Data:
★ ★ ★ ★ ★ ★ ★

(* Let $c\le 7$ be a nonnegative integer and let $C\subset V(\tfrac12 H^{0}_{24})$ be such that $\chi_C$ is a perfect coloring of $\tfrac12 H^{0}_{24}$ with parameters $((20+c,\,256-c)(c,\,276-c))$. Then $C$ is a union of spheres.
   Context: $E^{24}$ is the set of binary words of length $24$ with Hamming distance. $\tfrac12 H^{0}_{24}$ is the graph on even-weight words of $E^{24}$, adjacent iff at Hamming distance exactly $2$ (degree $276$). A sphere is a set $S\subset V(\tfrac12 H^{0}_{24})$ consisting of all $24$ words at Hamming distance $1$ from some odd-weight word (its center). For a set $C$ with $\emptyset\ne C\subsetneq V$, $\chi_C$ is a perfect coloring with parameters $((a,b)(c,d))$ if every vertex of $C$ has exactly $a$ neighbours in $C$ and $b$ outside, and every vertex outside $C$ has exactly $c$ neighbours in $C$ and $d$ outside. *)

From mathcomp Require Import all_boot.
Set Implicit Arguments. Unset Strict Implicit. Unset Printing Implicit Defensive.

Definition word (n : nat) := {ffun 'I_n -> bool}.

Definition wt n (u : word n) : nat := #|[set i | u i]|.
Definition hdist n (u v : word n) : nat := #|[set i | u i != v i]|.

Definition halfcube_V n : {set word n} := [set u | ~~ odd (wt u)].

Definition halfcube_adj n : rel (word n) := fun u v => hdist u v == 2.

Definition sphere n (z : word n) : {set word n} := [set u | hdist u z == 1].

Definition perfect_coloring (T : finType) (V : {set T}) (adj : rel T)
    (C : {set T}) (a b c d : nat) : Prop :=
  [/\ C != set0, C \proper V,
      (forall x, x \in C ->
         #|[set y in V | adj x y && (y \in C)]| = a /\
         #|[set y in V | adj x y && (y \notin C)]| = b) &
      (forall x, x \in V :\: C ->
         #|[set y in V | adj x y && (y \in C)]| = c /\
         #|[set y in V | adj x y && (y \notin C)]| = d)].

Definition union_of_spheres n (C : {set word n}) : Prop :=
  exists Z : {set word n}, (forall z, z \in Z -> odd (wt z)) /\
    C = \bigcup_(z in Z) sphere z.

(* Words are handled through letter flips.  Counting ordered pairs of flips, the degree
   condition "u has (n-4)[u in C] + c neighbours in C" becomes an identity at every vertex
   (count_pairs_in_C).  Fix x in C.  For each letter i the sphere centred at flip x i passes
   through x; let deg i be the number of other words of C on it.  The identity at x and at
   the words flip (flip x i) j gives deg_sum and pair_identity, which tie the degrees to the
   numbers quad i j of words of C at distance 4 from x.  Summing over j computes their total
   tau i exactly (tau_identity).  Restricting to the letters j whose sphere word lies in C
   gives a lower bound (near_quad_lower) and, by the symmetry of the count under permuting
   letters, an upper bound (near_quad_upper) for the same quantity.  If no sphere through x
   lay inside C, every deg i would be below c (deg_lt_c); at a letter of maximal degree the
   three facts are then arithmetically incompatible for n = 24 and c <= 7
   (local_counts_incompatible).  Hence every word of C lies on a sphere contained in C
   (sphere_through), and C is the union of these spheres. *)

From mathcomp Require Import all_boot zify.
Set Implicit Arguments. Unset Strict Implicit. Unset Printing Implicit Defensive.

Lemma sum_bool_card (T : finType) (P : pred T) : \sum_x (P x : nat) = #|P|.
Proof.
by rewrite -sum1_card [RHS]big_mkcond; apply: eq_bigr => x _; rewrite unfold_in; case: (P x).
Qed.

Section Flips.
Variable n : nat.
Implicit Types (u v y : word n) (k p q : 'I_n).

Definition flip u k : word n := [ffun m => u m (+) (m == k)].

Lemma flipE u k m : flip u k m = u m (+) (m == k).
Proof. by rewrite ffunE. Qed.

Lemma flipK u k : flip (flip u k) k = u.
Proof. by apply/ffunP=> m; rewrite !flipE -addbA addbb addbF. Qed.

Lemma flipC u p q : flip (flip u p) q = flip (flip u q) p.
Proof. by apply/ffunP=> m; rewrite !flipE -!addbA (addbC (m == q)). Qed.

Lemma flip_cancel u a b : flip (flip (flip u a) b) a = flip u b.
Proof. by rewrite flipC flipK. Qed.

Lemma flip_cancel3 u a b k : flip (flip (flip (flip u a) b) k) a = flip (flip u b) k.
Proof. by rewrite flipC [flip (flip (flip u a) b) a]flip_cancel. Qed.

★ ★ ★ ★ ★ ★ ★

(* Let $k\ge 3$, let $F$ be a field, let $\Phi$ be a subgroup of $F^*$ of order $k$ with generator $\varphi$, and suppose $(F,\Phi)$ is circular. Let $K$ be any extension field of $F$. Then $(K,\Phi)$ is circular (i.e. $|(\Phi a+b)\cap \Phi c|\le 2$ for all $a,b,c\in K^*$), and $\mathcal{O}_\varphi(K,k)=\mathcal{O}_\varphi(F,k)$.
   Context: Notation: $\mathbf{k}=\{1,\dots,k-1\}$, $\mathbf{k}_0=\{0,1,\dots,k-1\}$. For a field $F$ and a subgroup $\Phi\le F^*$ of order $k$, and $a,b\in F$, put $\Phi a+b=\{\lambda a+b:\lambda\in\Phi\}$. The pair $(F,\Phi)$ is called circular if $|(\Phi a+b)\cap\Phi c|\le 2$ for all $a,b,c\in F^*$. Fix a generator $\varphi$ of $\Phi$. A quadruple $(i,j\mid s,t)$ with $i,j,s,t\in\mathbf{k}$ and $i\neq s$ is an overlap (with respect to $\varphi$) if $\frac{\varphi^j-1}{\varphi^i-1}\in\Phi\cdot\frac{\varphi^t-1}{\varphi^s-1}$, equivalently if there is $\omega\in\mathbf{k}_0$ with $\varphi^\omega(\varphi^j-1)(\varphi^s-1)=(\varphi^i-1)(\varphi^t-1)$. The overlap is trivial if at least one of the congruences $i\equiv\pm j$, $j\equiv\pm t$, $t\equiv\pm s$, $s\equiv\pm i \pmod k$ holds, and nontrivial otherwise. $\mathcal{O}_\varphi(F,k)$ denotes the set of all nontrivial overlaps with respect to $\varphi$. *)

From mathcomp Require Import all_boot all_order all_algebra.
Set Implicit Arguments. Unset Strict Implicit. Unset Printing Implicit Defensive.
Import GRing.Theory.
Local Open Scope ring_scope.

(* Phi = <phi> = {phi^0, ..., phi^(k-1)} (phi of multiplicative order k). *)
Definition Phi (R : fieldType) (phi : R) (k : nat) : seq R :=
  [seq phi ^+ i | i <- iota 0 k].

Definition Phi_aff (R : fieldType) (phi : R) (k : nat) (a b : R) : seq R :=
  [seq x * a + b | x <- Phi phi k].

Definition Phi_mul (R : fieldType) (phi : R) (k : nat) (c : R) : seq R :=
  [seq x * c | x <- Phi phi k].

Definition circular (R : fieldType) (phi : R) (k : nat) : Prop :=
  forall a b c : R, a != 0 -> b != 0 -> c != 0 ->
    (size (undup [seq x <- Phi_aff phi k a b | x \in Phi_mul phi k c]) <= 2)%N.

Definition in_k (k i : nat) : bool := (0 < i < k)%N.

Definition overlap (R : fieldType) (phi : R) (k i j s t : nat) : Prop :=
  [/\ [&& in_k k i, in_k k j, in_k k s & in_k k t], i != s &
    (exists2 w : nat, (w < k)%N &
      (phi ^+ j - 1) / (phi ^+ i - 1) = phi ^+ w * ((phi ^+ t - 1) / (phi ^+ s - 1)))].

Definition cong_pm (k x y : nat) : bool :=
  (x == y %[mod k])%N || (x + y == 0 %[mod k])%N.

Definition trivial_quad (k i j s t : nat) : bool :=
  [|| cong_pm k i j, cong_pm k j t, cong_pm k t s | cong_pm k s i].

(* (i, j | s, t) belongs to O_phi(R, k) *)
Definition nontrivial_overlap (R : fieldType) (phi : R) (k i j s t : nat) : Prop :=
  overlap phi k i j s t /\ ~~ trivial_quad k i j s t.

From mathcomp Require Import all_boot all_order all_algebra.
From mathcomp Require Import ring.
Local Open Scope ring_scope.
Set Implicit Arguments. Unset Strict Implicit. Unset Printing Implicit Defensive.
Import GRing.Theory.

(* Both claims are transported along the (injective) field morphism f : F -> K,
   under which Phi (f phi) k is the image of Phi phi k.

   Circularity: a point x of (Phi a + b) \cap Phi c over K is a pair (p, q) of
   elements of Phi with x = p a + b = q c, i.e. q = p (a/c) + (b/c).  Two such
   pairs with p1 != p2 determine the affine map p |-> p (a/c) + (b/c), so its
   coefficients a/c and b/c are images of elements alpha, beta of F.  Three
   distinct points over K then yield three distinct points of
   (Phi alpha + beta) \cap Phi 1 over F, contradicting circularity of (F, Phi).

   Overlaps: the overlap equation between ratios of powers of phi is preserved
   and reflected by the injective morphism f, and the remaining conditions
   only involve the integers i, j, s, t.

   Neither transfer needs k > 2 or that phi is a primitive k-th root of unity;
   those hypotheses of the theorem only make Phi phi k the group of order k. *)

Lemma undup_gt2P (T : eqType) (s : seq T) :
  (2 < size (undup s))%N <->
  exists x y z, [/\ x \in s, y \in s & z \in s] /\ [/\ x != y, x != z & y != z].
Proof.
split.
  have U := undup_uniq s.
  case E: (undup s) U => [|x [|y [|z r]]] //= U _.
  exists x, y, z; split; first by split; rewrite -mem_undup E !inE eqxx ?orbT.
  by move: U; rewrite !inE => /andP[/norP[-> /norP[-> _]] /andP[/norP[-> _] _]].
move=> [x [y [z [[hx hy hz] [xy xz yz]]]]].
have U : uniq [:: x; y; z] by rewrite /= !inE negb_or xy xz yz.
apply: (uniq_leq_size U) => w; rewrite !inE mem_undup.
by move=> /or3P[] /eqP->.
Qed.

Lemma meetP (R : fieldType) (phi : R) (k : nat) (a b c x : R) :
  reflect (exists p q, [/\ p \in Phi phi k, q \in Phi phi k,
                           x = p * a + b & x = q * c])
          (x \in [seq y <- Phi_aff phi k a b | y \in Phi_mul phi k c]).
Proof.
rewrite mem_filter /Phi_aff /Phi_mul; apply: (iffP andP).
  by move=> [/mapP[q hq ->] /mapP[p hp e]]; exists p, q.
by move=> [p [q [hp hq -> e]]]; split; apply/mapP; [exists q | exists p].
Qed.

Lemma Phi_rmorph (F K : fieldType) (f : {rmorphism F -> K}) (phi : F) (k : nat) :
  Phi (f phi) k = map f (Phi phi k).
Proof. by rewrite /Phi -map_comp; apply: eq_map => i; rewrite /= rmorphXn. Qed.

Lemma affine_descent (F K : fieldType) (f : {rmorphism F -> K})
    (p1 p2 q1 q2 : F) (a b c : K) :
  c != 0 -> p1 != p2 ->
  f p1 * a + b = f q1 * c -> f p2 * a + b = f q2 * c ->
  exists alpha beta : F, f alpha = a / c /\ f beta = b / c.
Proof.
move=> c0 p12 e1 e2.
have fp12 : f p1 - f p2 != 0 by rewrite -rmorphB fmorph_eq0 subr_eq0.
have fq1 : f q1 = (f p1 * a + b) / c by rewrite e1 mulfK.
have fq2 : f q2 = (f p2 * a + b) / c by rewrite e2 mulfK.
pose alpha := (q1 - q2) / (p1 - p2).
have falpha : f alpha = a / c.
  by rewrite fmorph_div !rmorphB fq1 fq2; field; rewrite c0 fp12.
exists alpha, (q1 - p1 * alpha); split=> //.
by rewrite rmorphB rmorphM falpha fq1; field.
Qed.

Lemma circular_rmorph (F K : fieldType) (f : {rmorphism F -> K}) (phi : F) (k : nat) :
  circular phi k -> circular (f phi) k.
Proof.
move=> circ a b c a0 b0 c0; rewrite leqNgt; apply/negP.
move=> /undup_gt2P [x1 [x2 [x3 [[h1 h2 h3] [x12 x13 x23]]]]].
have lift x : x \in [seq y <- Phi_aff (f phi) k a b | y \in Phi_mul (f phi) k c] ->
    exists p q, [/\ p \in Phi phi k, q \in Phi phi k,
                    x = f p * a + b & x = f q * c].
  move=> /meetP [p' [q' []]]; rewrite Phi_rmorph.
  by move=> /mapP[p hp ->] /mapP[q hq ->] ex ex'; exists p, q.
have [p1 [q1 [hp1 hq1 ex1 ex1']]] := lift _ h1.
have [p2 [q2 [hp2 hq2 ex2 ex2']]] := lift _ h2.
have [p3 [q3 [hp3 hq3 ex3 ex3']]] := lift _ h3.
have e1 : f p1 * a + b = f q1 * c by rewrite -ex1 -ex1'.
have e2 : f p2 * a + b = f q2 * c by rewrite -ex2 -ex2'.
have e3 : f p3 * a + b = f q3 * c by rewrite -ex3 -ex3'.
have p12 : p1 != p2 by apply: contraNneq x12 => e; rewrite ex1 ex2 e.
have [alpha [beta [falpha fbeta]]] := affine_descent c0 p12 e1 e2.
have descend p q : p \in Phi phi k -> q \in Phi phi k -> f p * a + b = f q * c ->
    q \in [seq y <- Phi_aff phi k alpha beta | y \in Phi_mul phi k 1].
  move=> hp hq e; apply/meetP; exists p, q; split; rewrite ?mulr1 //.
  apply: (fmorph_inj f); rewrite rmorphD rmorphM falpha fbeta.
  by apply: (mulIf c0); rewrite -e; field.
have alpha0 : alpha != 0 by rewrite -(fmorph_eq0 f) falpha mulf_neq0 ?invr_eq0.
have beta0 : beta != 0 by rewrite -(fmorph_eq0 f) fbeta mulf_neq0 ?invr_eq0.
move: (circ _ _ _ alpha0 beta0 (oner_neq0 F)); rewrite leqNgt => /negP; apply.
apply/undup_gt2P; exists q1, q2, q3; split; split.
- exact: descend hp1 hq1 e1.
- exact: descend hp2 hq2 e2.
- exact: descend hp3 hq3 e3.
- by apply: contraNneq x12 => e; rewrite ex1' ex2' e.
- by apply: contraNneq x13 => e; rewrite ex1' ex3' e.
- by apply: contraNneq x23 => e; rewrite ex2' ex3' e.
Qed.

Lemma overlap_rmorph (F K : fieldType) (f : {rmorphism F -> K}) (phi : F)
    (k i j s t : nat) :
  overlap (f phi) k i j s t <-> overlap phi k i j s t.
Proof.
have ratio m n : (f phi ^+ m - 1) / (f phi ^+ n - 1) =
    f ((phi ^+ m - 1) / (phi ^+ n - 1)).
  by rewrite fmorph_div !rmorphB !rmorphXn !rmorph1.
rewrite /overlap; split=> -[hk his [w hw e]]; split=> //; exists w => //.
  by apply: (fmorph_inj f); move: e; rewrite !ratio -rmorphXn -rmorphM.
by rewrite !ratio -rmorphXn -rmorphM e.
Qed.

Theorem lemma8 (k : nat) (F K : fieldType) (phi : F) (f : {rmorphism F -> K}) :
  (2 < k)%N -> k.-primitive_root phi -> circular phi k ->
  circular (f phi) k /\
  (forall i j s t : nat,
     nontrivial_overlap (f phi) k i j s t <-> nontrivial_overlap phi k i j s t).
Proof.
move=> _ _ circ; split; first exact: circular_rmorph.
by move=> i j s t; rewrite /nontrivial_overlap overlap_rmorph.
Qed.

★ ★ ★ ★ ★ ★ ★

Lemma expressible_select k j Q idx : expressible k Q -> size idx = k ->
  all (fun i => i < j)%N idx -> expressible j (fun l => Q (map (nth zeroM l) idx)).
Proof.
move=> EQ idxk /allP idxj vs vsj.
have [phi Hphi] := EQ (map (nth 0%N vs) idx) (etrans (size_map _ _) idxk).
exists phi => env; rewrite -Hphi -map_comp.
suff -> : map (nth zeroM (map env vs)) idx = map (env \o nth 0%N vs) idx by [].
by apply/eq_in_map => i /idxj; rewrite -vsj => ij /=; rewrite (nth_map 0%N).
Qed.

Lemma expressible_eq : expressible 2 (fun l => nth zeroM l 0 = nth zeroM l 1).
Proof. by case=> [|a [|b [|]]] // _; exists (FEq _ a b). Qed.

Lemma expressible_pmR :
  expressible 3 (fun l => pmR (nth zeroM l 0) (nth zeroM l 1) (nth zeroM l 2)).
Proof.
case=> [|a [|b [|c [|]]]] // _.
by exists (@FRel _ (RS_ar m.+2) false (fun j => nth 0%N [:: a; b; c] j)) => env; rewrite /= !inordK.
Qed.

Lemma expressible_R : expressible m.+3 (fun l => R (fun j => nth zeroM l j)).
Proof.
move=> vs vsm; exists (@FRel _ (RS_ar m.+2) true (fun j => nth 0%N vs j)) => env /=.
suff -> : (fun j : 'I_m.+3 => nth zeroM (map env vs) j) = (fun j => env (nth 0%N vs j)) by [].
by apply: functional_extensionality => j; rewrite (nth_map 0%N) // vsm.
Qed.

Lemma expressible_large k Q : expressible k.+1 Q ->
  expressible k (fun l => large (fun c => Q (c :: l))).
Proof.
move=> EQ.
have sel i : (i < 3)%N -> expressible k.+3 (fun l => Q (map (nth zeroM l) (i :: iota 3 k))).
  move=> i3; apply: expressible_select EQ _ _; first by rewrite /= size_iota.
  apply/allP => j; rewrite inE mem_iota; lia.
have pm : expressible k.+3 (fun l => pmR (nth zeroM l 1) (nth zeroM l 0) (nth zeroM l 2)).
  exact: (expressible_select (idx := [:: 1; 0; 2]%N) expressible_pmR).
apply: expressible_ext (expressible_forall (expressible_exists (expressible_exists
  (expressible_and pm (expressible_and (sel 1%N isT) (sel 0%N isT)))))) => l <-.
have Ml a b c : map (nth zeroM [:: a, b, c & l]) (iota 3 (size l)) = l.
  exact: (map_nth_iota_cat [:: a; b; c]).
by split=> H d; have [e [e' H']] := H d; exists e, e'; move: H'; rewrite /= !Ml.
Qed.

★ ★ ★ ★ ★ ★ ★

Problem details:
Would you please work out how many lines of the data hold "Require"? Reply with the number alone.

The completed task:
5